I have read many of the other threads regarding French Cleat but I just had a little question that I haven't been able to find a definite answer to. Any thoughts would be greatly appreciated.

I was planning on installing a French cleat system in my workshop and barn. After going to many of my local hardware store I found that all they had in the way of 3/4" Plywood was what they called hardwood plywood and cost $59 per sheet. While looking around for a while I came across 1×3×8 Premium Furring Strips (species says Spruce Pine) for $.99 each and I was not sure if this would be sufficient for any substantial weight or for even long term load bearing.

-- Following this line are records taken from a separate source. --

(* Let $\theta\in[0,\pi)\setminus\{\pi/2\}$, $\kappa(\theta):=\gamma-\log2+\tan\theta$, and for $t\ge0$ define $$K_\theta(t):=\lim_{R\to\infty}\frac{1}{2\pi i}\int_{-iR}^{iR}e^{t\zeta}\big(\log\sqrt\zeta+\kappa(\theta)\big)^{-1}d\zeta$$ (integral along the imaginary axis). Then there is a bounded function $K^1_\theta\in C^\infty([0,\infty))$ such that for $t>0$ $$K_\theta(t)=-\frac1\pi\,\mathrm{Im}\left\{\int_1^\infty e^{-ty}\big(\log\sqrt y+i\pi/2+\kappa(\theta)\big)^{-1}dy\right\}+K^1_\theta(t)=2\int_1^\infty\frac{e^{-ty}}{(\log y+2\kappa(\theta))^2+\pi^2}\,dy+K^1_\theta(t).$$
   Context: $\gamma$ is the Euler–Mascheroni constant; $\sqrt\zeta$ and $\log\zeta$ denote the principal branches on $\mathbb C\setminus(-\infty,0]$, extended to the imaginary axis by continuity away from $0$ (at $\zeta=0$ the integrand is interpreted as its limit $0$). *)

From Stdlib Require Import Reals.
Open Scope R_scope.

Definition kappa (gam theta : R) : R := gam - ln 2 + tan theta.

Definition sgn (y : R) : R :=
  if Rlt_dec 0 y then 1 else if Rlt_dec y 0 then -1 else 0.

(* On zeta = i y (y <> 0): log sqrt(i y) = (1/2) ln|y| + i (pi/4) sgn y.
   The contour integral (1/(2 pi i)) int_{-iR}^{iR} e^{t zeta} (log sqrt zeta + kappa)^{-1} dzeta
   equals (1/(2 pi)) int_{-R}^{R} e^{i t y} (a(y) + i b(y))^{-1} dy
   with a = (1/2) ln|y| + kappa, b = (pi/4) sgn y.
   Real and imaginary parts of the integrand; value 0 at y = 0 (the limit). *)
Definition Kint_re (kap t y : R) : R :=
  if Req_EM_T y 0 then 0 else
  let a := / 2 * ln (Rabs y) + kap in
  let b := PI / 4 * sgn y in
  (cos (t * y) * a + sin (t * y) * b) / (a ^ 2 + b ^ 2).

I was planning on using 3" deck boards for the screws because they are the only thing I can find in my area over 1-1/2" except drywall screws. If anybody has any ideas I would greatly appreciate it

Thanks,
Royce


----------



## lew (Feb 13, 2008)

The 1×3 will work fine. As far as anchors are concerned, it will depend on the weight of the things you plan to hang. My opinion is that 3" deck screws should hold most loads. You might consider lag screws for the heaviest weights.

Lew


----------



## skywalker01 (May 19, 2009)

I would say you could use just about anything. The main idea would be that the cleats don't slide down the wall. The main amount of pressure would be downward pressure, the angle just allows it not to slip forward and fall off the wall. As long as you're sure that the attachments/ screws will hold up the wood and item you're looking to hang, you should be fine. I used 1/2" plywood to make some the other week, I just used plenty of screws to support the cleats both on the item and on the wall piece. I've also made some cleats out of 2×4's which hold my dust collector to the wall in case I want to move it.


----------



## GrandpaE (Jun 26, 2010)

Shear strength of the fastener is important. Not all fasteners are rated the same. Lag screws are good for heavy items or there is a screw available that is used to attach ledger boards for decks to house framing. Both are good fasteners. You won't want the head to stick out so you may have to countersink. If in doubt go talk to someone in a real hardware store or lumberyard. There is nothing worse than having a cabinet fall off the wall with all your treasures in it. 
By the way a number 10 screw has a heavier shank than a number 8 and so forth.
The boards you have selected should work fine.
Just my 2 cents worth.


----------